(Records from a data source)
Theorem corollary3 (F : fieldType) (A : comUnitAlgType F) (S : diffalg A)
    (hS : good_diffalg S)
    (N K m n : nat) (alpha gamma : F) (J : 'M[A]_N) (v : nat -> 'M[A]_N)
    (qf rf : 'M[A]_(N, m)) (M0 : 'M[A]_m)
    (phi psi : 'M[A]_(N, K)) (Lam Lamt C : 'M[A]_K) :
  is_const_mx S J -> is_const_mx S M0 ->
  is_const_mx S Lam -> is_const_mx S Lamt -> is_const_mx S C ->
  C \in unitmx ->
  Delta S C phi psi \in unitmx ->
  act S (Mop n alpha gamma J v qf rf M0) phi = phi *m Lam ->
  act S (tau (Mop n alpha gamma J v qf rf M0)) psi = psi *m Lamt ->
  let Dl := Delta S C phi psi in
  let Mn := Mop n alpha gamma J v qf rf M0 in
  let Phi := phi *m invmx Dl in
  let Psi := psi *m (invmx Dl)^T in
  [/\ Phi = act S (Wop S C phi psi) phi *m invmx C,
      Psi = act S (tau (Winvop S C phi psi)) psi *m invmx C^T,
      act S (hatM S Mn C phi psi) Phi = Phi *m (C *m Lam *m invmx C) &
      act S (tau (hatM S Mn C phi psi)) Psi
        = Psi *m (C^T *m Lamt *m invmx C^T)].
Proof.
move=> _ _ Lam_const Lamt_const C_const C_unit Dl_unit M_phi Mt_psi Dl Mn Phi Psi.
have Ct_unit : C^T \in unitmx by rewrite unitmx_tr.
have Ci_const : is_const_mx S (invmx C) by exact: const_mx_inv.
have Cti_const : is_const_mx S (invmx C^T) by apply: const_mx_inv; last exact: const_mx_tr.
split.
- by rewrite W_phi // mulmxK.
- by rewrite tauWinv_psi // mulmxK.
- exact: (act_conj_eigen hS Lam_const Ci_const (Winv_Phi hS C_const C_unit Dl_unit)
           M_phi (W_phi Dl_unit)).
- exact: (act_conj_eigen hS Lamt_const Cti_const (tauW_Psi hS C_const C_unit Dl_unit)
           Mt_psi (tauWinv_psi Dl_unit)).
Qed.
(* Write [g = f0 f1^-1] and [H_N = f1^(f0^N)].  Conjugating the two hypotheses
   by powers of [f0] shows that [g] commutes with every [H_N], [N >= 1].  The
   fixed points of a PL map are controlled by its finitely many breakpoints, so
   a map commuting with a PL map [Y] fixes each fixed point of [Y] next to which
   [Y] moves points: otherwise it would push a fundamental domain containing
   moved points of [Y] through infinitely many disjoint intervals.  For [Y = H_N]
   this makes [g] fix [e f0^N] for every endpoint [e] of an orbital of [f1]; for
   [Y = g] it makes [f1] fix [e f0^-N] for every endpoint [e] of an orbital of
   [g].  As forward [f0]-orbits in (a,c) tend to [c] and backward ones to [a],
   these constraints force the claimed configuration of orbitals.  The case
   [b_1 <= a] needs one more idea: then (b_1,d_1) is also an orbital of [g],
   [f1^f0] and [f1^(f0^2)] agree on it (they have the same germ at [b_1], and
   the agreement set is [g]-invariant), so [f0] and [f1] commute there, and
   [f1] would have to fix [a] or [c]. *)

From Stdlib Require Import Reals Lra Lia ClassicalEpsilon Classical FunctionalExtensionality.
Open Scope R_scope.

Definition isinv (F G : R -> R) := (forall x, G (F x) = x) /\ (forall x, F (G x) = x).

Definition increasing (F : R -> R) := forall x y, x < y -> F x < F y.

Lemma increasing_le (F : R -> R) : increasing F -> forall x y, x <= y -> F x <= F y.
Proof. intros HF x y [Hlt|<-]; [left; auto|lra]. Qed.

Lemma increasing_reflect (F : R -> R) : increasing F -> forall x y, F x < F y -> x < y.
Proof.
  intros HF x y H. destruct (Rlt_or_le x y) as [|Hle]; auto.
  apply (increasing_le F HF) in Hle. lra.
Qed.

Lemma increasing_iter (F : R -> R) : increasing F -> forall N, increasing (Nat.iter N F).
Proof. intros HF N. induction N; intros x y Hxy; simpl; auto. Qed.

Lemma isinv_sym (F G : R -> R) : isinv F G -> isinv G F.
Proof. intros [H1 H2]. split; auto. Qed.

Lemma isinv_increasing (F G : R -> R) : isinv F G -> increasing F -> increasing G.
Proof.
  intros [H1 H2] HF x y Hxy. apply (increasing_reflect F HF). now rewrite !H2.
Qed.

Lemma isinv_iter (F G : R -> R) : isinv F G -> forall N, isinv (Nat.iter N F) (Nat.iter N G).
Proof.
  intros [H1 H2] N. induction N as [|N [IH1 IH2]]; split; intros x; auto.
  - rewrite Nat.iter_succ_r. simpl. now rewrite H1.
  - rewrite Nat.iter_succ_r. simpl. now rewrite H2.
Qed.

Lemma iter_fixed (F : R -> R) (x : R) : F x = x -> forall N, Nat.iter N F x = x.
Proof. intros Hx N. induction N; simpl; auto. now rewrite IHN. Qed.

Lemma cv_le_upper_bound (t : nat -> R) (L z : R) :
  Un_cv t L -> (forall j, t j <= z) -> L <= z.
Proof.
  intros Ht Hz. destruct (Rle_or_lt L z) as [|Hlt]; auto.
  destruct (Ht (L - z)) as [N HN]; [lra|].
  specialize (HN N (le_n N)). specialize (Hz N). unfold R_dist in HN.
  rewrite Rabs_left1 in HN; lra.
Qed.

Lemma cv_ge_lower_bound (t : nat -> R) (L z : R) :
  Un_cv t L -> (forall j, z <= t j) -> z <= L.
Proof.
  intros Ht Hz. destruct (Rle_or_lt z L) as [|Hlt]; auto.
  destruct (Ht (z - L)) as [N HN]; [lra|].
  specialize (HN N (le_n N)). specialize (Hz N). unfold R_dist in HN.
  rewrite Rabs_right in HN; lra.
Qed.

Lemma cv_shift_eq (t : nat -> R) (L : R) (P Q : R -> R) :
  Un_cv t L -> continuity_pt P L -> continuity_pt Q L ->
  (forall j, P (t j) = Q (t (S j))) -> P L = Q L.
Proof.
  intros Ht HP HQ Hrel.
  apply (UL_sequence (fun j => P (t j))).
  - exact (continuity_seq P t L HP Ht).
  - apply (Un_cv_ext (fun j => Q (t (j + 1)%nat))).
    + intros j. rewrite Nat.add_1_r. symmetry. apply Hrel.
    + apply (continuity_seq Q (fun j => t (j + 1)%nat)); auto. now apply CV_shift'.
Qed.

Lemma increasing_bounded_shift_eq (t : nat -> R) (z : R) (P Q : R -> R) :
  (forall j, t j <= t (S j)) -> (forall j, t j <= z) ->
  (forall x, continuity_pt P x) -> (forall x, continuity_pt Q x) ->
  (forall j, P (t j) = Q (t (S j))) ->
  exists L, t O <= L <= z /\ P L = Q L.
Proof.
  intros Hinc Hz HP HQ Hrel.
  destruct (growing_cv t Hinc) as [L HL].
  { exists z. intros y [j ->]. apply Hz. }
  exists L. repeat split.
  - exact (growing_ineq t L Hinc HL O).
  - exact (cv_le_upper_bound t L z HL Hz).
  - exact (cv_shift_eq t L P Q HL (HP L) (HQ L) Hrel).
Qed.

Lemma decreasing_bounded_shift_eq (t : nat -> R) (z : R) (P Q : R -> R) :
  (forall j, t (S j) <= t j) -> (forall j, z <= t j) ->
  (forall x, continuity_pt P x) -> (forall x, continuity_pt Q x) ->
  (forall j, P (t j) = Q (t (S j))) ->
  exists L, z <= L <= t O /\ P L = Q L.
Proof.
  intros Hdec Hz HP HQ Hrel.
  destruct (decreasing_cv t Hdec) as [L HL].
  { exists (- z). intros y [j ->]. unfold opp_seq. specialize (Hz j). lra. }
  exists L. repeat split.
  - exact (cv_ge_lower_bound t L z HL Hz).
  - exact (decreasing_ineq t L Hdec HL O).
  - exact (cv_shift_eq t L P Q HL (HP L) (HQ L) Hrel).
Qed.
Lemma wcoordB a b : wcoord (a - b) = wcoord a - wcoord b.
Proof. by rewrite /wcoord mulmxBl scalerBr. Qed.

Lemma wcoordP y : wcoord y *m W = dW%:Z *: y.
Proof.
by rewrite /wcoord -scalemxAl -mulmxA mul_adj_mx mul_mx_scalar scalerA -abszEsg.
Qed.

Lemma dW_gt0 : (0 < dW)%N.
Proof. by rewrite absz_gt0 det_W_neq0. Qed.

Lemma toR_wcoordP y : dW%:R *: toR R y = \sum_j (wcoord y 0 j)%:~R *: toR R (w j).
Proof. by rewrite -toR_sumZ -mulW wcoordP toRZ pmulrn. Qed.

Lemma rho_bary_combE (a : int) (c : 'I_n -> int) :
  \sum_i bary (a - \sum_j c j) c i *: rho i = a *: rho ord0 + \sum_j c j *: w j.
Proof. by rewrite bary_combE subrK. Qed.

Lemma w_sublattice (a : int) (c : 'I_n -> int) :
  in_sublattice rho (a *: rho ord0 + \sum_j c j *: w j).
Proof. by exists (bary (a - \sum_j c j) c); rewrite rho_bary_combE. Qed.

Hypothesis lambda_gcd : \big[gcdn/0%N]_(i < n.+1) lambda i = 1%N.

Lemma dvdn_mul_lambda (D : nat) : (forall i, h %| D * lambda i)%N -> (h %| D)%N.
Proof.
move=> h_dvd; have : (h %| \big[gcdn/0%N]_(i < n.+1) (D * lambda i))%N.
  by apply/dvdn_biggcdP => i _; exact: h_dvd.
by rewrite -(big_morph _ (muln_gcdr D) (muln0 D)) lambda_gcd muln1.
Qed.

Lemma rho0_order (c : int) (q : 'I_n -> int) :
  c *: rho ord0 = \sum_j q j *: w j -> (h %| `|c|)%N.
Proof.
move=> cq; pose u := bary (c - \sum_j - q j) (fun j => - q j).
have u_rel : \sum_i (u i)%:~R *: toR R (rho i) = 0.
  rewrite -toR_sumZ rho_bary_combE; under eq_bigr do rewrite scaleNr.
  by rewrite sumrN -cq subrr /toR map_mx0.
have [t ut] := rho_rel_unique u_rel.
have c_th : (c%:~R : R) = t * h%:R.
  have -> : c = \sum_i u i by rewrite sum_bary subrK.
  rewrite rmorph_sum natr_sum mulr_sumr.
  by apply: eq_bigr => i _; exact: ut.
apply: dvdn_mul_lambda => i; apply/dvdnP; exists `|u i|%N.
have : c * (lambda i)%:Z = u i * h%:Z.
  by apply: (intr_inj (R := R)); rewrite !intrM c_th ut !pmulrn mulrAC.
by move/(congr1 absz); rewrite !abszM !absz_nat.
Qed.

Lemma w_box_congr (e : 'rV[int]_n) (delta : 'I_n -> int) :
  (forall j, `|delta j| < dW * lambda (lift ord0 j))%N ->
  (forall j, (Posz (h * dW) %| h%:Z * wcoord e ord0 j + delta j)%Z) ->
  (forall j, delta j = 0) /\ exists q : 'I_n -> int, e = \sum_j q j *: w j.
Proof.
move=> delta_lt Q_dvd; pose Q := (h * dW)%N.
have QR_gt0 : 0 < Q%:R :> R by rewrite ltr0n muln_gt0 h_gt0 dW_gt0.
have dWR_neq0 : dW%:R != 0 :> R by rewrite pnatr_eq0 -lt0n dW_gt0.
pose q j := ((h%:Z * wcoord e ord0 j + delta j) %/ Q%:Z)%Z.
pose d j : R := - (delta j)%:~R / Q%:R.
have e_d : toR R (e - \sum_j q j *: w j) = \sum_j d j *: toR R (w j).
  apply: (scalerI dWR_neq0).
  rewrite toRB toR_sumZ scalerBr toR_wcoordP !scaler_sumr -sumrB.
  apply: eq_bigr => j _; rewrite !scalerA -scalerBl; congr (_ *: _).
  have := congr1 (intr : int -> R) (divzK (Q_dvd j)).
  rewrite -/(q j) intrD !intrM !pmulrn [X in _ * X = _]natrM => qQ.
  have -> : (wcoord e ord0 j)%:~R = ((q j)%:~R * (h%:R * dW%:R) - (delta j)%:~R) / h%:R :> R.
    by rewrite qQ addrK; field; rewrite hR_neq0.
  by rewrite /d /Q natrM; field; rewrite hR_neq0 dWR_neq0.
have d0 := w_box_lattice_point_eq0 e_d.
have {}d0 j : d j = 0.
  apply: d0 => {}j; rewrite /d /beta normrM normrN normfV (gtr0_norm QR_gt0).
  rewrite ltr_pdivrMr // /Q natrM mulrA divfK ?hR_neq0 //.
  rewrite -intr_norm -natr_absz -natrM ltr_nat mulnC.
  exact: delta_lt.
split=> [j|].
  have /eqP := d0 j; rewrite mulf_eq0 invr_eq0 (gt_eqF QR_gt0) orbF oppr_eq0 intr_eq0.
  by move/eqP.
exists q; apply/eqP; rewrite -subr_eq0 -(toR_eq0 R) e_d.
by apply/eqP/big1 => j _; rewrite d0 scale0r.
Qed.
(* Since gcd(n, a) = 1, a/n = 1/x + 1/y is solvable iff there are u, v > 0 with
   u v | n and a | u + v.  Writing the residue of each prime factor r of n as
   g^(L r) for a primitive root g, such a pair is a choice of signs
   e_r in {-1, 0, 1} (over the prime factors with multiplicity) with
   g^(sum e_r L r) = -1, i.e. sum e_r L r = phi(a)/2 (mod phi(a)).  The primes with
   residue in H have L r = 0 (mod 2^m) and, as they cover H, can absorb any
   correction divisible by 2^m; so n lies in E*_a iff no signed sum of the
   exponents L r, r in T, is 2^(m-1) modulo 2^m.  Pairing up odd entries and
   halving shows that 2^(m-1) integers not divisible by 2^m always have such a
   signed sum, and that 2^(m-1) - 1 of them avoid it only if they are all +-e
   modulo 2^m for a fixed odd e. *)

(** * Signed subset sums *)

Inductive signed_sum : seq int -> int -> Prop :=
  | ssum_nil : signed_sum [::] 0
  | ssum_skip x s z : signed_sum s z -> signed_sum (x :: s) z
  | ssum_add x s z : signed_sum s z -> signed_sum (x :: s) (z + x)
  | ssum_sub x s z : signed_sum s z -> signed_sum (x :: s) (z - x).

Lemma signed_sum_consP x s z : signed_sum (x :: s) z ->
  exists2 z0, signed_sum s z0 & [\/ z = z0, z = z0 + x | z = z0 - x].
Proof.
move E : (x :: s) => t Ht; case: Ht E => [|y u w H|y u w H|y u w H] // [-> ->];
  exists w => //; [exact: Or31 | exact: Or32 | exact: Or33].
Qed.

Lemma signed_sum0 s : signed_sum s 0.
Proof. by elim: s => [|x s IH]; [apply: ssum_nil | apply: ssum_skip]. Qed.

Lemma signed_sum_mem x s : x \in s -> signed_sum s x.
Proof.
elim: s => [|y s IH] //; rewrite inE => /predU1P [->|/IH]; last exact: ssum_skip.
by have := ssum_add y (signed_sum0 s); rewrite add0r.
Qed.

Lemma signed_sum_cat s1 s2 z1 z2 :
  signed_sum s1 z1 -> signed_sum s2 z2 -> signed_sum (s1 ++ s2) (z1 + z2).
Proof.
move=> H1 H2; elim: H1 => [|x s z _ IH|x s z _ IH|x s z _ IH] /=.
- by rewrite add0r.
- exact: ssum_skip.
- by rewrite addrAC; apply: ssum_add.
- by rewrite addrAC; apply: ssum_sub.
Qed.

Lemma signed_sum_catP s1 s2 z : signed_sum (s1 ++ s2) z ->
  exists z1 z2, [/\ signed_sum s1 z1, signed_sum s2 z2 & z = z1 + z2].
Proof.
elim: s1 z => [|x s1 IH] z /=.
  by exists 0, z; split; rewrite ?add0r //; apply: ssum_nil.
case/signed_sum_consP=> z0 /IH [z1 [z2 [H1 H2 ->]]] [] ->.
- by exists z1, z2; split=> //; apply: ssum_skip.
- by exists (z1 + x), z2; split; [apply: ssum_add | | rewrite addrAC].
- by exists (z1 - x), z2; split; [apply: ssum_sub | | rewrite addrAC].
Qed.

Lemma signed_sum_catC s1 s2 z : signed_sum (s1 ++ s2) z -> signed_sum (s2 ++ s1) z.
Proof.
by case/signed_sum_catP=> z1 [z2 [H1 H2 ->]]; rewrite addrC; apply: signed_sum_cat.
Qed.
Lemma detour_length_le :
  curve_length ns als detour_x detour_t <= (M - t1) + (M - t2) + 1.
Proof.
  rewrite curve_length_speed.
  set (F := fun s => (M - t1) * stage 0 s + stage 1 s + (M - t2) * stage 2 s).
  replace ((M - t1) + (M - t2) + 1) with (F 1 - F 0)
    by (unfold F; rewrite !stage_at_0, !stage_at_1 by lra; ring).
  apply (RInt_le_increment _ F (fun s => (M - t1) * stage_speed 0 s + stage_speed 1 s
                                         + (M - t2) * stage_speed 2 s)); [lra | | |].
  - intros; apply continuous_speed, detour_C1.
  - intros s _. unfold F.
    apply (is_derive_plus (fun s => (M - t1) * stage 0 s + stage 1 s) (fun s => (M - t2) * stage 2 s)).
    + apply (is_derive_plus (fun s => (M - t1) * stage 0 s) (stage 1)).
      * apply is_derive_scal, is_derive_stage.
      * apply is_derive_stage.
    + apply is_derive_scal, is_derive_stage.
  - intros s _. apply speed_detour_le.
Qed.
End Detour.

Section Height.
Variables (ns : list nat) (als : list R) (x : nat -> R -> R) (tt : R -> R).
Hypothesis curve_C1 : C1_curve (dimn ns) x tt.

Lemma height_rise_le a b : a <= b -> tt b - tt a <= RInt (speed ns als x tt) a b.
Proof.
  intros Hab. apply (increment_le_RInt _ tt (Derive tt)); auto.
  - intros; apply continuous_speed, curve_C1.
  - intros s _. apply Derive_correct, curve_C1.
  - intros s _. eapply Rle_trans; [apply Rle_abs | apply abs_height_speed_le].
Qed.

> [Problem to work on]:
Wherever the word "with" occurs in the data, copy that whole line.

> [Result]:
   by powers of [f0] shows that [g] commutes with every [H_N], [N >= 1].  The
   a map commuting with a PL map [Y] fixes each fixed point of [Y] next to which
(* Since gcd(n, a) = 1, a/n = 1/x + 1/y is solvable iff there are u, v > 0 with
   e_r in {-1, 0, 1} (over the prime factors with multiplicity) with
   g^(sum e_r L r) = -1, i.e. sum e_r L r = phi(a)/2 (mod phi(a)).  The primes with
  replace ((M - t1) + (M - t2) + 1) with (F 1 - F 0)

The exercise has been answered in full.